If you overeat, your gut microbiota is going to change for the worse, especially if you binge on acellular carbohydrates (flour and sugar). Thanksgiving meals can be quite rich in those acellular carbs. Hypercaloric high-fat diets too affect the gut microbiota, causing changes in the brain areas that regulate satiety. Nobody knows the exact effect of a one-day binge, but people who tend to binge uncontrollably on Thanksgiving are more likely to binge on other days as well, and that’s where the real danger lays.
Celebrate Thanksgiving, not with a rich, delicious meal, but with six to twelve glasses of lemonade with maple syrup and cayenne pepper. (No, please, don’t!)
As it stands, occasional overeating isn’t inherently unhealthy, and Thanksgiving could involve large heaps of turkey and mashed potatoes rather than three slices of pumpkin pie and two of apple pie. Again, load up on the healthy (or healthy-ish) food first, so you don’t go too crazy with the unhealthy stuff.
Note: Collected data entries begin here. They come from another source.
(* In the FIND setting of the context, fix a leaf cluster $\mathcal C_r$, a consistent ordering of $\mathcal T_r^+$, and perform the elimination $\mathbf A_{g+}=\mathbf L_g^{-1}\mathbf A_g$ while updating $\boldsymbol\Sigma_{g+}=\mathbf L_g^{-1}\boldsymbol\Sigma_g\mathbf L_g^{-\dagger}$ (starting from $\boldsymbol\Sigma_{g_1}=\boldsymbol\Sigma$). Then for every node $g$ of $\mathcal T_r^+$: (I) for every node $h$ of $\mathcal T_r^+$ with $\mathcal S_h\ge\mathcal S_g$ (i.e. $h=g$ or $h$ after $g$), $\boldsymbol\Sigma_g(\mathcal S_h,\mathcal S_{>h}\setminus\mathcal B_h)=0$ and $\boldsymbol\Sigma_g(\mathcal S_{>h}\setminus\mathcal B_h,\mathcal S_h)=0$; (II) (a) $\boldsymbol\Sigma_{g+}(\mathcal S_{\le g},\mathcal S_{\le g})=\boldsymbol\Sigma_g(\mathcal S_{\le g},\mathcal S_{\le g})$; (b) $\boldsymbol\Sigma_{g+}(\mathcal M,\mathcal S_{>g}\setminus\mathcal B_g)=\boldsymbol\Sigma_g(\mathcal M,\mathcal S_{>g}\setminus\mathcal B_g)$; (c) $\boldsymbol\Sigma_{g+}(\mathcal S_{>g}\setminus\mathcal B_g,\mathcal M)=\boldsymbol\Sigma_g(\mathcal S_{>g}\setminus\mathcal B_g,\mathcal M)$; (III) $\boldsymbol\Sigma_{g+}(\mathcal B_g,\mathcal B_g)=\boldsymbol\Sigma_g(\mathcal B_g,\mathcal B_g)-\mathcal L_g\boldsymbol\Sigma_g(\mathcal S_g,\mathcal B_g)-\boldsymbol\Sigma_g(\mathcal B_g,\mathcal S_g)\mathcal L_g^\dagger+\mathcal L_g\boldsymbol\Sigma_g(\mathcal S_g,\mathcal S_g)\mathcal L_g^\dagger$.
   Context: Setting (FIND). $\mathcal M$ is a finite set of mesh nodes; $\mathbf A$ is an invertible complex matrix indexed by $\mathcal M\times\mathcal M$, structurally symmetric ($A_{ij}\neq0\iff A_{ji}\neq0$); distinct nodes $i,j$ are connected if $A_{ij}\neq 0$. $\boldsymbol\Sigma$ is a complex matrix indexed by $\mathcal M\times\mathcal M$ with $\Sigma_{ij}=0$ whenever $i\neq j$ and $i,j$ are not connected. $\dagger$ denotes conjugate transpose and $\mathbf X^{-\dagger}=(\mathbf X^{-1})^\dagger$. For $X,Y\subseteq\mathcal M$, $\mathbf X(X,Y)$ is the submatrix with rows in $X$ and columns in $Y$. For a cluster $\mathcal C\subseteq\mathcal M$: boundary set $\mathcal B_{\mathcal C}=\{i\in\mathcal C: A_{ij}\neq 0\text{ for some } j\notin\mathcal C\}$, inner set $\mathcal I_{\mathcal C}=\mathcal C\setminus\mathcal B_{\mathcal C}$; for $\mathcal C_g$ write $\mathcal B_g,\mathcal I_g$. Cluster tree: $\mathcal T$ is a rooted binary tree of clusters with root $\mathcal M$, each non-leaf cluster the disjoint union of its two children. For a leaf $\mathcal C_r$ with path $r=a_0,\dots,a_d$ (root) and $b_k$ the sibling of $a_k$, the augmented tree $\mathcal T_r^+$ has root $\mathcal C_{-r}=\mathcal M\setminus\mathcal C_r$; for $0\le k\le d-2$, $\mathcal C_{-a_k}=\mathcal M\setminus\mathcal C_{a_k}$ has children $\mathcal C_{b_k}$ and $\mathcal C_{-a_{k+1}}$, with $\mathcal C_{-a_{d-1}}$ identified with $\mathcal C_{b_{d-1}}$ (equal sets); each basic cluster $\mathcal C_{b_k}$ carries its subtree from $\mathcal T$. Private inner nodes: $\mathcal S_g=\mathcal I_g$ for a leaf $g$ of $\mathcal T_r^+$; $\mathcal S_g=\mathcal I_g\setminus(\mathcal I_i\cup\mathcal I_j)$ if $g$ has children $i,j$. The sets $\mathcal S_g$ ($g\in\mathcal T_r^+$), $\mathcal B_{-r}$, $\mathcal C_r$ partition $\mathcal M$. Consistent ordering: a total order $g_1,\dots,g_m$ of the nodes of $\mathcal T_r^+$ with every node after all its descendants; $\mathcal S_h<\mathcal S_g$ means $h$ precedes $g$. $\mathcal S_{<g}$, $\mathcal S_{\le g}$: union of $\mathcal S_h$ over $h$ preceding $g$ (resp. preceding or equal); $\mathcal S_{>g}$: union of $\mathcal S_h$ over $h$ after $g$, together with $\mathcal B_{-r}\cup\mathcal C_r$. Elimination: $\mathbf A_{g_1}=\mathbf A$, $\boldsymbol\Sigma_{g_1}=\boldsymbol\Sigma$. For each $g$ (with $\mathbf A_g(\mathcal S_g,\mathcal S_g)$ assumed invertible), $\mathcal L_g=\mathbf A_g(\mathcal B_g,\mathcal S_g)\mathbf A_g(\mathcal S_g,\mathcal S_g)^{-1}$, $\mathbf L_g$ is the identity on $\mathcal M$ except $\mathbf L_g(\mathcal B_g,\mathcal S_g)=\mathcal L_g$ (this is the block Gaussian elimination factor of the columns $\mathcal S_g$), $\mathbf A_{g+}=\mathbf L_g^{-1}\mathbf A_g$, $\boldsymbol\Sigma_{g+}=\mathbf L_g^{-1}\boldsymbol\Sigma_g\mathbf L_g^{-\dagger}$, and $\mathbf A_{g_{t+1}}=\mathbf A_{g_t+}$, $\boldsymbol\Sigma_{g_{t+1}}=\boldsymbol\Sigma_{g_t+}$. *)

From HB Require Import structures.
From mathcomp Require Import all_boot all_order all_algebra.
Set Implicit Arguments. Unset Strict Implicit. Unset Printing Implicit Defensive.
Import Order.TTheory GRing.Theory Num.Theory.
Local Open Scope ring_scope.

(* Mesh nodes M = 'I_n; scalars in a numeric closed field C (e.g. the complex
   numbers), whose conjugation is Num.conj. *)

Section FIND.
Variables (C : numClosedFieldType) (n : nat).

Definition ctr (p q : nat) (X : 'M[C]_(p, q)) : 'M[C]_(q, p) :=
  (map_mx (@Num.conj C) X)^T.

(* submatrix X(R, K) with rows in R and columns in K (in increasing order) *)
Definition subm (R K : {set 'I_n}) (X : 'M[C]_n) : 'M[C]_(#|R|, #|K|) :=
  \matrix_(i < #|R|, j < #|K|) X (enum_val i) (enum_val j).

(* embedding of the index set R into M (so that emb R * Y * (emb K)^T is the
   n x n matrix having Y as its (R,K) block and zeros elsewhere) *)
Definition emb (R : {set 'I_n}) : 'M[C]_(n, #|R|) :=
  \matrix_(i < n, k < #|R|) (i == enum_val k)%:R.

Definition bnd (A : 'M[C]_n) (Cl : {set 'I_n}) : {set 'I_n} :=
  [set i in Cl | [exists j, (j \notin Cl) && (A i j != 0)]].
Definition inn (A : 'M[C]_n) (Cl : {set 'I_n}) : {set 'I_n} := Cl :\: bnd A Cl.

Inductive ctree := CLeaf of {set 'I_n} | CNode of {set 'I_n} & ctree & ctree.

Definition label (t : ctree) : {set 'I_n} :=
  match t with CLeaf X => X | CNode X _ _ => X end.

Fixpoint wf_ctree (t : ctree) : Prop :=
  match t with
  | CLeaf _ => True
  | CNode X l r => [/\ X = label l :|: label r, [disjoint label l & label r],
                      wf_ctree l & wf_ctree r]
  end.

Definition cluster_tree (t : ctree) : Prop := label t = setT /\ wf_ctree t.

(* nodes are addressed by paths from the root: false = left, true = right *)
Fixpoint sub_at (t : ctree) (p : seq bool) : option ctree :=
  match p, t with
  | [::], _ => Some t
  | b :: p', CNode _ l r => sub_at (if b then r else l) p'
  | _ :: _, CLeaf _ => None
  end.

Fixpoint nodes (t : ctree) : seq (seq bool) :=
  match t with
  | CLeaf _ => [:: [::]]
  | CNode _ l r => [::] :: (map (cons false) (nodes l) ++ map (cons true) (nodes r))
  end.

Definition node_label (t : ctree) (p : seq bool) : {set 'I_n} :=
  oapp label set0 (sub_at t p).

(* C_r is a leaf of T reached by the nonempty path p (so r is not the root) *)
Definition is_leaf_path (t : ctree) (p : seq bool) : Prop :=
  p != [::] /\ exists X, sub_at t p = Some (CLeaf X).

(* Augmented tree T_r^+.  [aug_rec acc t p]: t is the subtree of T at the
   current node a_k of the path to r, acc is the already built tree of
   C_{-a_k} = M \ C_{a_k}; p is the remaining path to r. *)
Fixpoint aug_rec (acc t : ctree) (p : seq bool) : ctree :=
  match p, t with
  | b :: p', CNode _ l r =>
      let a := if b then r else l in
      let s := if b then l else r in
      aug_rec (CNode (~: label a) s acc) a p'
  | _, _ => acc
  end.

(* root step: C_{-a_{d-1}} is identified with the sibling C_{b_{d-1}} *)
Definition augtree (t : ctree) (p : seq bool) : ctree :=
  match p, t with
  | b :: p', CNode _ l r =>
      aug_rec (if b then l else r) (if b then r else l) p'
  | _, _ => t
  end.

Definition consistent_ordering (t : ctree) (ord : seq (seq bool)) : Prop :=
  perm_eq ord (nodes t) /\
  forall g h, g \in nodes t -> h \in nodes t -> prefix g h -> g != h ->
    (index h ord < index g ord)%N.

Variable A : 'M[C]_n.

Definition priv (t : ctree) (g : seq bool) : {set 'I_n} :=
  match sub_at t g with
  | Some (CLeaf X) => inn A X
  | Some (CNode X l r) => inn A X :\: (inn A (label l) :|: inn A (label r))
  | None => set0
  end.

Definition Bnode (t : ctree) (g : seq bool) : {set 'I_n} := bnd A (node_label t g).

Section Order.
Variables (T : ctree) (p : seq bool) (ord : seq (seq bool)).
Let Tp := augtree T p.

Definition S_le (g : seq bool) : {set 'I_n} :=
  \bigcup_(h <- take (index g ord).+1 ord) priv Tp h.
Definition S_lt (g : seq bool) : {set 'I_n} :=
  \bigcup_(h <- take (index g ord) ord) priv Tp h.
(* S_{>g} also contains B_{-r} and C_r *)
Definition S_gt (g : seq bool) : {set 'I_n} :=
  (\bigcup_(h <- drop (index g ord).+1 ord) priv Tp h)
    :|: bnd A (label Tp) :|: node_label T p.

Definition Lcal (Ag : 'M[C]_n) (g : seq bool) :=
  subm (Bnode Tp g) (priv Tp g) Ag *m invmx (subm (priv Tp g) (priv Tp g) Ag).

Definition Lmat (Ag : 'M[C]_n) (g : seq bool) : 'M[C]_n :=
  1%:M + emb (Bnode Tp g) *m Lcal Ag g *m (emb (priv Tp g))^T.

Definition elim_step (st : 'M[C]_n * 'M[C]_n) (g : seq bool) :=
  let L := Lmat st.1 g in
  (invmx L *m st.1, invmx L *m st.2 *m ctr (invmx L)).

(* (A_{g_{t+1}}, Sigma_{g_{t+1}}) ; for t = size ord this is the state after
   the last elimination *)
Definition state (Sigma : 'M[C]_n) (t : nat) : 'M[C]_n * 'M[C]_n :=
  foldl elim_step (A, Sigma) (take t ord).

End Order.
End FIND.

From Pilot Require Import Defs.
From HB Require Import structures.
From mathcomp Require Import all_boot all_order all_algebra.
Import Order.TTheory GRing.Theory Num.Theory.
Local Open Scope ring_scope.
Set Implicit Arguments. Unset Strict Implicit. Unset Printing Implicit Defensive.

(* The elimination step at g is the congruence by L_g^-1 = 1 - N_g, where N_g
   is supported on rows B_g and columns S_g, two disjoint sets.  It therefore
   changes Sigma only in the rows and columns B_g, and only through the
   entries of Sigma in the rows and columns S_g.  By induction along the
   ordering, the block Sigma(S_h, S_{>h} \ B_h) stays zero for every node h
   not yet eliminated: initially because the cluster of h is coupled to the
   rest of the mesh only through its boundary, and at each step because, by
   the tree structure and the ordering, the boundary set B_g of the node g
   being eliminated cannot meet both S_h and S_{>h} \ B_h.  Since L_g is
   unipotent, no invertibility hypothesis is needed. *)

Lemma mem_drop_uniq (T : eqType) (s : seq T) i x : uniq s ->
  (x \in drop i s) = (x \in s) && (i <= index x s)%N.
Proof.
move=> us; case xs: (x \in s); last by apply/negbTE; apply: contraFN xs; apply: mem_drop.
rewrite leqNgt -in_take //; move: us xs.
rewrite -{1 2}(cat_take_drop i s) cat_uniq mem_cat => /and3P [_ /hasPn dis _].
case/orP => [xt | xd]; first by rewrite xt; apply/negbTE; exact: contraTN (dis x) xt.
by rewrite xd (negbTE (dis x xd)).
Qed.

Lemma bigcup_seqP (I : eqType) (T : finType) (s : seq I) (F : I -> {set T}) x :
  reflect (exists2 i, i \in s & x \in F i) (x \in \bigcup_(i <- s) F i).
Proof.
elim: s => [|i s IH]; first by rewrite big_nil inE; right; case.
rewrite big_cons inE; apply: (iffP orP) => [[xi | /IH [j js xj]] | [j]].
- by exists i; rewrite ?mem_head.
- by exists j; rewrite // inE js orbT.
- by rewrite inE => /orP [/eqP -> | js] xj; [left | right; apply/IH; exists j].
Qed.

Section Embedding.
Variables (C : numClosedFieldType) (n : nat).
Implicit Types (R K : {set 'I_n}) (X Y : 'M[C]_n).

Lemma subm_eq R K X Y : (forall x y, x \in R -> y \in K -> X x y = Y x y) ->
  subm R K X = subm R K Y.
Proof. by move=> eXY; apply/matrixP => a b; rewrite !mxE eXY ?enum_valP. Qed.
Finally, some form of intermittent fasting could be a good idea during the holiday season. It is neither necessary nor healthy to starve yourself after Thanksgiving, but alternating periods of eating more and periods of eating less could be a good idea if you’re watching your weight, and it could develop in you the ability to diet flexibly.
Recent research has shown that one day isn’t enough for even severe caloric restriction to cause your appetite hormones to go into overdrive, so don’t equate intermittent fasting with the notorious “yo-yo dieting”. Remember that overeating involves not just physiological factors but also a large psychological component — which you may be able to chip away at with practice.
From fasting for 16 hours each day to fasting completely every other day, many forms of intermittent fasting have shown safety and efficacy for weight loss. Plus, you get to eat a really big and satisfying meal to break the fast!
Now go forth and eat deliciously, and perhaps abundantly! But stay informed, and always keep your health in mind.